— What you will do —
What is wanted is every record, duplicated word for word.
:: Material for this task
Lemma T_loop_swap_rows lam sigma i r0 fuel r prev cur :
  1 <= r0 <= r ->
  prev =2 swap_rows sigma i r0 r.-1 -> cur =2 swap_rows sigma i r0 r ->
  colLen lam i.+1 <= fuel + r ->
  exists2 m, swap_block lam sigma i r m &
             T_loop fuel lam i r prev cur =2 swap_rows sigma i r0 m.
Proof.
elim: fuel r prev cur => [|f IH] r prev cur r0r Hprev Hcur Hfuel /=.
  exists r => //; split => // [s|]; first lia.
  by rewrite /in_dg => /andP[_ /andP[_ ?]]; lia.
have stay : swap_block lam sigma i r r -> exists2 m, swap_block lam sigma i r m &
    cur =2 swap_rows sigma i r0 m by exists r.
have prev_ccw : ccw_triple prev i.+1 i r.+1 = ccw_triple sigma i.+1 i r.+1.
  have out s : r.-1 < s -> (r0 <= s <= r.-1) = false by lia.
  by rewrite /ccw_triple /cellv /= !Hprev /swap_rows !out //; lia.
have cur_ccw : ccw_triple cur i.+1 i r.+1 =
    ccw (cellv sigma i.+1 r.+1) (cellv sigma i r.+1) (cellv sigma i.+1 r).
  have out : (r0 <= r.+1 <= r) = false by lia.
  rewrite /ccw_triple /cellv /= !Hcur /swap_rows tswapL tswapR out.
  by have -> : r0 <= r <= r by lia.
case: ifP => [/andP[dg1 dg0]|dg]; last first.
  by apply: stay; split => // [s|d1 d0]; [lia | move: dg; rewrite d1 d0].
case: ifP => [same|flip].
  apply: stay; split => // [s|_ _]; first lia.
  by rewrite /lower_swap_flips -prev_ccw -cur_ccw same.
have [|||m [rm climbs stops] Hloop] := IH r.+1 cur (swap_cells cur i r.+1) _ Hcur _ _.
- lia.
- by move=> j s; rewrite /swap_cells !Hcur; apply: swap_cells_swap_rows; lia.
- lia.
exists m => //; split => // [|s /andP[rs sm]]; first lia.
have [<-|] := eqVneq r.+1 s; last by move=> ?; apply: climbs; lia.
by rewrite dg1 dg0 /lower_swap_flips -prev_ccw -cur_ccw flip.
Qed.

Lemma T_op_swap_rows lam sigma i r : 1 <= r ->
  exists2 m, swap_block lam sigma i r m & T_op lam i r sigma =2 swap_rows sigma i r m.
Proof.
move=> r1; apply: T_loop_swap_rows; rewrite ?leq_addr //.
- by rewrite r1 leqnn.
- by move=> j s; rewrite /swap_rows ifN //; lia.
- move=> j s; rewrite /swap_cells /swap_rows /tswap.
  case: (s =P r) => [->|sr]; last by rewrite ifN //; lia.
  by rewrite leqnn; case: (j == i); case: (j == i.+1).
Qed.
::::
— Answer area —
Lemma T_loop_swap_rows lam sigma i r0 fuel r prev cur :
  1 <= r0 <= r ->
  prev =2 swap_rows sigma i r0 r.-1 -> cur =2 swap_rows sigma i r0 r ->
  colLen lam i.+1 <= fuel + r ->
  exists2 m, swap_block lam sigma i r m &
             T_loop fuel lam i r prev cur =2 swap_rows sigma i r0 m.
Proof.
elim: fuel r prev cur => [|f IH] r prev cur r0r Hprev Hcur Hfuel /=.
  exists r => //; split => // [s|]; first lia.
  by rewrite /in_dg => /andP[_ /andP[_ ?]]; lia.
have stay : swap_block lam sigma i r r -> exists2 m, swap_block lam sigma i r m &
    cur =2 swap_rows sigma i r0 m by exists r.
have prev_ccw : ccw_triple prev i.+1 i r.+1 = ccw_triple sigma i.+1 i r.+1.
  have out s : r.-1 < s -> (r0 <= s <= r.-1) = false by lia.
  by rewrite /ccw_triple /cellv /= !Hprev /swap_rows !out //; lia.
have cur_ccw : ccw_triple cur i.+1 i r.+1 =
    ccw (cellv sigma i.+1 r.+1) (cellv sigma i r.+1) (cellv sigma i.+1 r).
  have out : (r0 <= r.+1 <= r) = false by lia.
  rewrite /ccw_triple /cellv /= !Hcur /swap_rows tswapL tswapR out.
  by have -> : r0 <= r <= r by lia.
case: ifP => [/andP[dg1 dg0]|dg]; last first.
  by apply: stay; split => // [s|d1 d0]; [lia | move: dg; rewrite d1 d0].
case: ifP => [same|flip].
  apply: stay; split => // [s|_ _]; first lia.
  by rewrite /lower_swap_flips -prev_ccw -cur_ccw same.
have [|||m [rm climbs stops] Hloop] := IH r.+1 cur (swap_cells cur i r.+1) _ Hcur _ _.
- lia.
- by move=> j s; rewrite /swap_cells !Hcur; apply: swap_cells_swap_rows; lia.
- lia.
exists m => //; split => // [|s /andP[rs sm]]; first lia.
have [<-|] := eqVneq r.+1 s; last by move=> ?; apply: climbs; lia.
by rewrite dg1 dg0 /lower_swap_flips -prev_ccw -cur_ccw flip.
Qed.

Lemma T_op_swap_rows lam sigma i r : 1 <= r ->
  exists2 m, swap_block lam sigma i r m & T_op lam i r sigma =2 swap_rows sigma i r m.
Proof.
move=> r1; apply: T_loop_swap_rows; rewrite ?leq_addr //.
- by rewrite r1 leqnn.
- by move=> j s; rewrite /swap_rows ifN //; lia.
- move=> j s; rewrite /swap_cells /swap_rows /tswap.
  case: (s =P r) => [->|sr]; last by rewrite ifN //; lia.
  by rewrite leqnn; case: (j == i); case: (j == i.+1).
Qed.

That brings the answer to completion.